Problem to work on
Look below for the line containing "by do !split."; write out that line and each one after it to the end, exactly, and nothing else.

Extracted entries
Lemma sublevel_locally_connected s x : sublevel s x ->
  exists2 Q, open Q /\ Q x & Q `&` sublevel s `<=` connected_component (sublevel s) x.
Proof.
move=> Xx; have [U Ux finU] := cK.2.2.2 x.
pose far := [set sigma | (K sigma /\ sigma `&` U !=set0) /\ ~ sigma x].
have closed_far : closed (\bigcup_(sigma in far) sigma).
  apply: closed_bigcup => [|sigma [[Ksigma _] _]]; last exact: cell_closed Ksigma.
  by apply: sub_finite_set finU => sigma [].
have : nbhs x (U `&` ~` \bigcup_(sigma in far) sigma).
  apply: filterI => //; apply: open_nbhs_nbhs; split; first by rewrite openC.
  by move=> [sigma [_ nsx] sx].
rewrite nbhsE /= => -[Q [oQ Qx] QW]; exists Q => //.
move=> z [Qz [sigma [Ksigma Fsigma] sigmaz]].
have [sigmax|nsigmax] := pselect (sigma x); last first.
  have [Uz nfar] := QW _ Qz; exfalso; apply: nfar; exists sigma => //.
  by split=> //; split=> //; exists z.
apply: (connected_component_max sigmax) => //; last exact: cell_connected Ksigma.
by move=> w sigmaw; exists sigma.
Qed.

Lemma sublevel_open_split s (U : set V) :
    (forall z w, U z -> connected_component (sublevel s) z w -> U w) ->
  exists W1 W2 : set V, [/\ open W1, open W2, sublevel s `<=` W1 `|` W2,
    W1 `&` sublevel s `<=` U & forall w, W2 w -> sublevel s w -> ~ U w].
Proof.
move=> Ucomp.
pose W (P : set V) := \bigcup_(Q in [set Q | open Q /\
  exists2 z, P z & Q `&` sublevel s `<=` connected_component (sublevel s) z]) Q.
have W_open P : open (W P) by apply: bigcup_open => Q [].
exists (W U), (W (~` U)); split=> //.
- move=> z Xz; have [Q [oQ Qz] QX] := sublevel_locally_connected s z Xz.
  by have [Uz|nUz] := pselect (U z); [left|right]; exists Q => //; split=> //; exists z.
- by move=> w [[Q [_ [z Uz QX]] Qw] Xw]; apply: (Ucomp z) => //; apply: QX.
- move=> w [Q [_ [z nUz QX]] Qw] Xw Uw; apply: nUz; apply: (Ucomp w) => //.
  by apply: connected_component_sym; apply: QX.
Qed.

Hypotheses (pK : periodic_complex B K) (pF : periodic_filter B K F).

Lemma sublevel_shift s x u : lat B u -> sublevel s (x + u) <-> sublevel s x.
Proof.
suff Xu v y : lat B v -> sublevel s y -> sublevel s (y + v).
  by move=> Bu; split=> [/(Xu _ _ (latN Bu))|/Xu]; rewrite ?addrK; apply.
move=> Bv [sigma [Ksigma Fsigma] sigmay]; exists (shift sigma v); last by exists y.
by split; [exact: pK|rewrite pF].
Qed.

Lemma qsublevel_proj s x : qsublevel B K F s (proj x) <-> sublevel s x.
Proof.
split=> [[y Xy /torus_projP Byx]|Xx]; last by exists x.
have -> : x = y + (x - y) by rewrite addrC subrK.
by rewrite sublevel_shift // -opprB; exact: latN.
Qed.
End Sublevel.

Section Shadows.
Context {R : realType} {d : nat} (B : 'M[R]_d) (K : set (set 'rV[R]_d))
  (F : set 'rV[R]_d -> R).
Hypotheses (cK : cell_complex K) (pK : periodic_complex B K) (pF : periodic_filter B K F).
Local Notation V := 'rV[R]_d.
Local Notation proj := (torus_proj B).
Local Notation X := (sublevel K F).
Local Notation qcomp s y := (connected_component (qsublevel B K F s) y).

Lemma qcomp_sublevel {s y x} : qcomp s y (proj x) -> X s x.
Proof. by move=> /connected_component_sub /qsublevel_proj; apply. Qed.

Lemma shadow_connected_component s y x : qcomp s y (proj x) ->
  connected_component (proj @^-1` qcomp s y) x = connected_component (X s) x.
Proof.
move=> Gx; apply/seteqP; split.
  by apply: connected_componentS => z; exact: qcomp_sublevel.
apply: connected_component_max.
- by apply: connected_component_refl; exact: qcomp_sublevel Gx.
- move=> z cz; rewrite /= (same_connected_component Gx).
  suff : proj @` connected_component (X s) x `<=` qcomp s (proj x) by apply; exists z.
  apply: connected_component_max.
  + by exists x => //; apply: connected_component_refl; exact: qcomp_sublevel Gx.
  + by move=> _ [w cw <-]; exists w => //; exact: connected_component_sub cw.
  + apply: connected_continuous_connected; first exact: component_connected.
    by apply: continuous_subspaceT; exact: pi_continuous.
- exact: component_connected.
Qed.

Lemma qcomp_sub_proj s y (U : set V) :
    (forall z w, U z -> connected_component (X s) z w -> U w) ->
    (forall z u, U z -> lat B u -> U (z + u)) ->
    (exists2 z, U z & qcomp s y (proj z)) ->
  qcomp s y `<=` proj @` U.
Proof.
move=> Ucomp Ushift [z0 Uz0 Gz0].
have Uproj z w : U z -> proj w = proj z -> U w.
  move=> Uz /torus_projP Bwz; have -> : w = z + (w - z) by rewrite addrC subrK.
  exact: Ushift.
have [W1 [W2 [oW1 oW2 XW W1U W2U]]] := sublevel_open_split K F cK s U Ucomp.
have [GW1|GW2] : qcomp s y `<=` proj @` W1 \/ qcomp s y `<=` proj @` W2.
- apply: connected_open_cover; [exact: component_connected| exact: torus_proj_open..| |].
  + move=> _ /[dup] /connected_component_sub[z Xz <-] Gz.
    by case: (XW z (qcomp_sublevel Gz)) => Wz; [left|right]; exists z.
  apply/seteqP; split=> // t [[Gt [w1 W1w1 w1t]] [w2 W2w2 w21]]; subst t.
  have Gw2 : qcomp s y (proj w2) by rewrite w21.
  apply: (W2U w2 W2w2 (qcomp_sublevel Gw2)).
  exact: Uproj (W1U _ (conj W1w1 (qcomp_sublevel Gt))) w21.
- move=> t /[dup] Gt /GW1[w W1w wt]; exists w => //.
  by apply: W1U; split=> //; apply: (qcomp_sublevel (y := y)); rewrite wt.
- have [w2 W2w2 w2z0] := GW2 _ Gz0; exfalso.
  apply: (W2U w2 W2w2); last exact: Uproj w2z0.
  by apply: (qcomp_sublevel (y := y)); rewrite w2z0.
Qed.

Lemma shadows_translate s y x1 x2 : qcomp s y (proj x1) -> qcomp s y (proj x2) ->
  exists2 u, lat B u &
    connected_component (X s) x2 = shift (connected_component (X s) x1) u.
Proof.
move=> G1 G2; pose U := [set z | exists2 u, lat B u & connected_component (X s) (x1 + u) z].
have Xshift u : lat B u -> forall z, X s (z + u) <-> X s z.
  by move=> Bu z; exact: sublevel_shift pK pF s z u Bu.
have Ucomp z w : U z -> connected_component (X s) z w -> U w.
  by move=> [u Bu cz] czw; exists u => //; rewrite (same_connected_component cz).
have Ushift z v : U z -> lat B v -> U (z + v).
  move=> [u Bu cz] Bv; exists (u + v); first exact: latD.
  by rewrite addrA shift_connected_component; [apply/shiftP; rewrite addrK|exact: Xshift].
have Ux1 : U x1.
  exists 0; first exact: lat0.
  by rewrite addr0; apply: connected_component_refl; exact: qcomp_sublevel G1.
have [z [u0 Bu0 cz] /torus_projP Bzx2] :=
  qcomp_sub_proj s y U Ucomp Ushift (ex_intro2 _ _ x1 Ux1 G1) (proj x2) G2.
have Bx2z : lat B (x2 - z) by rewrite -opprB; exact: latN.
exists (u0 + (x2 - z)); first exact: latD.
rewrite -shift_connected_component; last exact: Xshift (latD Bu0 Bx2z).
rewrite addrA shift_connected_component; last exact: Xshift Bx2z.
rewrite (same_connected_component cz) -shift_connected_component; last exact: Xshift Bx2z.
by rewrite addrC subrK.
Qed.

Lemma shadow_stab_eq s y x x' : qcomp s y (proj x) -> qcomp s y (proj x') ->
  stab B (connected_component (proj @^-1` qcomp s y) x) =
  stab B (connected_component (proj @^-1` qcomp s y) x').
Proof.
move=> Gx Gx'; rewrite !shadow_connected_component //.
by have [u _ ->] := shadows_translate s y x x' Gx Gx'; rewrite stab_shift.
Qed.
End Shadows.

Section ShadowMonomial.
Context {R : realType} {d : nat} (B : 'M[R]_d).
Hypothesis unitB : B \in unitmx.
Local Notation proj := (torus_proj B).

Lemma shadow_monomialP (Y : set (torus B)) : Y !=set0 ->
  exists x p (C : 'M[R]_(p, d)), [/\ Y (proj x), row_free C,
    lat C = stab B (connected_component (proj @^-1` Y) x) &
    shadow_monomial B Y = lat_monomial B C].
Proof.
move=> [t Yt]; pose gamma := connected_component (proj @^-1` Y) (repr t).
have [p [C [freeC CE]]] :=
  lat_subgroup_basis B unitB _ (stab_subgroup B gamma) (fun u => @proj1 _ _).
have Yrt : Y (proj (repr t)) by rewrite /torus_proj reprK.
rewrite /shadow_monomial; set P := (X in xget _ X).
have : P (lat_monomial B C) by exists (repr t); split=> //; exists p, C.
move=> /(ex_intro P) /(xgetPex (0, 0%N))[x [Yx [p' [C' [freeC' [C'E ->]]]]]].
by exists x, p', C'.
Qed.

Lemma shadow_monomial_le (Y Y' : set (torus B)) :
  Y !=set0 -> Y `<=` Y' ->
  (forall x x', Y' (proj x) -> Y' (proj x') ->
     stab B (connected_component (proj @^-1` Y') x) =
     stab B (connected_component (proj @^-1` Y') x')) ->
  mono_le (shadow_monomial B Y') (shadow_monomial B Y).
Proof.
move=> Y0 YY' Y'stab.
have [x [p [C [Yx freeC CE ->]]]] := shadow_monomialP Y Y0.
have [|x' [p' [C' [Y'x' freeC' C'E ->]]]] := shadow_monomialP Y'.
  by exists (proj x); exact: YY'.
apply: lat_monomial_le => //; rewrite CE C'E -(Y'stab x x' (YY' _ Yx) Y'x').
exact: stab_preimage_componentS.
Qed.
End ShadowMonomial.

Section DistanceBounds.
Context {R : realType}.

Lemma dI_ge0 (M M' : pmt R) : (0 <= dI M M')%E.
Proof. by apply: le_ereal_inf_tmp => _ [e [e0 _] <-]; rewrite lee_fin. Qed.

Lemma dI_self (M : pmt R) : (forall A, pm_cov M A A) -> dI M M = 0%E.
Proof.
move=> Mcov; apply/eqP; rewrite eq_le dI_ge0 andbT.
apply: ereal_inf_lbound; exists 0 => //; split=> //; exists id, id.
have id_cont : {within pm_dom M, continuous id}.
  by apply: continuous_subspaceT => x; exact: cvg_id.
do !split=> //; move=> A _; rewrite ?addr0 //.
all: by right.
Qed.

Lemma splinters_refl (M : pmt R) : (forall A, pm_cov M A A) -> splinters M M.
Proof.
move=> Mcov; exists id; split; first by apply: continuous_subspaceT => x; exact: cvg_id.
split=> //; split; first by move=> x Mx; exists x.
split=> // G MG; exists 1%N; split.
  suff -> : [set A | pm_dom M A /\ id A = G] = [set G] by exact: card_set1.
  by apply/seteqP; split=> [A [_ ->]|A ->].
move=> A A' [_ ->] [_ ->]; rewrite dI_self // image_id divr1 -surjective_pairing.
by do !split.
Qed.

Lemma pmt_equiv_refl {d} (D : pdata R d) : pmt_equiv d (MTof D) (MTof D).
Proof. by exists D; split; apply: splinters_refl => A; exact: mt_covers_refl. Qed.

Lemma Jdist_le_dI {d} (D D' : pdata R d) :
  (Jdist d (MTof D) (MTof D') <= dI (MTof D) (MTof D'))%E.
Proof.
apply: ereal_inf_lbound; exists 1%N, (fun=> D), (fun=> D').
by do !split=> //; [exact: pmt_equiv_refl|exact: pmt_equiv_refl|rewrite big_ord1].
Qed.

Lemma supnorm_ge0 {d} (K : set (set 'rV[R]_d)) F G : (0 <= supnorm K F G)%E.
Proof. by apply: ereal_sup_ubound; left. Qed.

Lemma supnorm_ub {d} (K : set (set 'rV[R]_d)) F G sigma :
  K sigma -> ((`|F sigma - G sigma|)%:E <= supnorm K F G)%E.
Proof. by move=> Ksigma; apply: ereal_sup_ubound; right; exists sigma. Qed.
End DistanceBounds.

Section MergeTreeInterleaving.
Context {R : realType} {d : nat} (B : 'M[R]_d) (K : set (set 'rV[R]_d)).
Hypotheses (unitB : B \in unitmx) (cK : cell_complex K) (pK : periodic_complex B K).

Lemma qsublevel_shift (F G : set 'rV[R]_d -> R) e s x :
  (forall sigma, K sigma -> G sigma <= F sigma + e) ->
  qsublevel B K F s x -> qsublevel B K G (s + e) x.
Proof.
move=> GFe [z [sigma [Ksigma Fsigma] sigmaz] <-]; exists z => //; exists sigma => //.
by split=> //; apply: le_trans (GFe _ Ksigma) _; rewrite lerD2r.
Qed.

Lemma mt_shift_freq_le (F G : set 'rV[R]_d -> R) e
    (FG : forall s x, qsublevel B K F s x -> qsublevel B K G (s + e) x) A :
  periodic_filter B K G ->
  mono_le (pm_freq (MT B K G) (mt_shift FG A)) (pm_freq (MT B K F) A).
Proof.
move=> pG; apply: shadow_monomial_le => //.
- exact: mt_comp_nonempty.
- exact: mt_shift_comp.
- by move=> x x'; apply: shadow_stab_eq.
Qed.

Your response
by do !split.
Qed.

Lemma pmt_equiv_refl {d} (D : pdata R d) : pmt_equiv d (MTof D) (MTof D).
Proof. by exists D; split; apply: splinters_refl => A; exact: mt_covers_refl. Qed.

Lemma Jdist_le_dI {d} (D D' : pdata R d) :
  (Jdist d (MTof D) (MTof D') <= dI (MTof D) (MTof D'))%E.
Proof.
apply: ereal_inf_lbound; exists 1%N, (fun=> D), (fun=> D').
by do !split=> //; [exact: pmt_equiv_refl|exact: pmt_equiv_refl|rewrite big_ord1].
Qed.

Lemma supnorm_ge0 {d} (K : set (set 'rV[R]_d)) F G : (0 <= supnorm K F G)%E.
Proof. by apply: ereal_sup_ubound; left. Qed.

Lemma supnorm_ub {d} (K : set (set 'rV[R]_d)) F G sigma :
  K sigma -> ((`|F sigma - G sigma|)%:E <= supnorm K F G)%E.
Proof. by move=> Ksigma; apply: ereal_sup_ubound; right; exists sigma. Qed.
End DistanceBounds.

Section MergeTreeInterleaving.
Context {R : realType} {d : nat} (B : 'M[R]_d) (K : set (set 'rV[R]_d)).
Hypotheses (unitB : B \in unitmx) (cK : cell_complex K) (pK : periodic_complex B K).

Lemma qsublevel_shift (F G : set 'rV[R]_d -> R) e s x :
  (forall sigma, K sigma -> G sigma <= F sigma + e) ->
  qsublevel B K F s x -> qsublevel B K G (s + e) x.
Proof.
move=> GFe [z [sigma [Ksigma Fsigma] sigmaz] <-]; exists z => //; exists sigma => //.
by split=> //; apply: le_trans (GFe _ Ksigma) _; rewrite lerD2r.
Qed.

Lemma mt_shift_freq_le (F G : set 'rV[R]_d -> R) e
    (FG : forall s x, qsublevel B K F s x -> qsublevel B K G (s + e) x) A :
  periodic_filter B K G ->
  mono_le (pm_freq (MT B K G) (mt_shift FG A)) (pm_freq (MT B K F) A).
Proof.
move=> pG; apply: shadow_monomial_le => //.
- exact: mt_comp_nonempty.
- exact: mt_shift_comp.
- by move=> x x'; apply: shadow_stab_eq.
Qed.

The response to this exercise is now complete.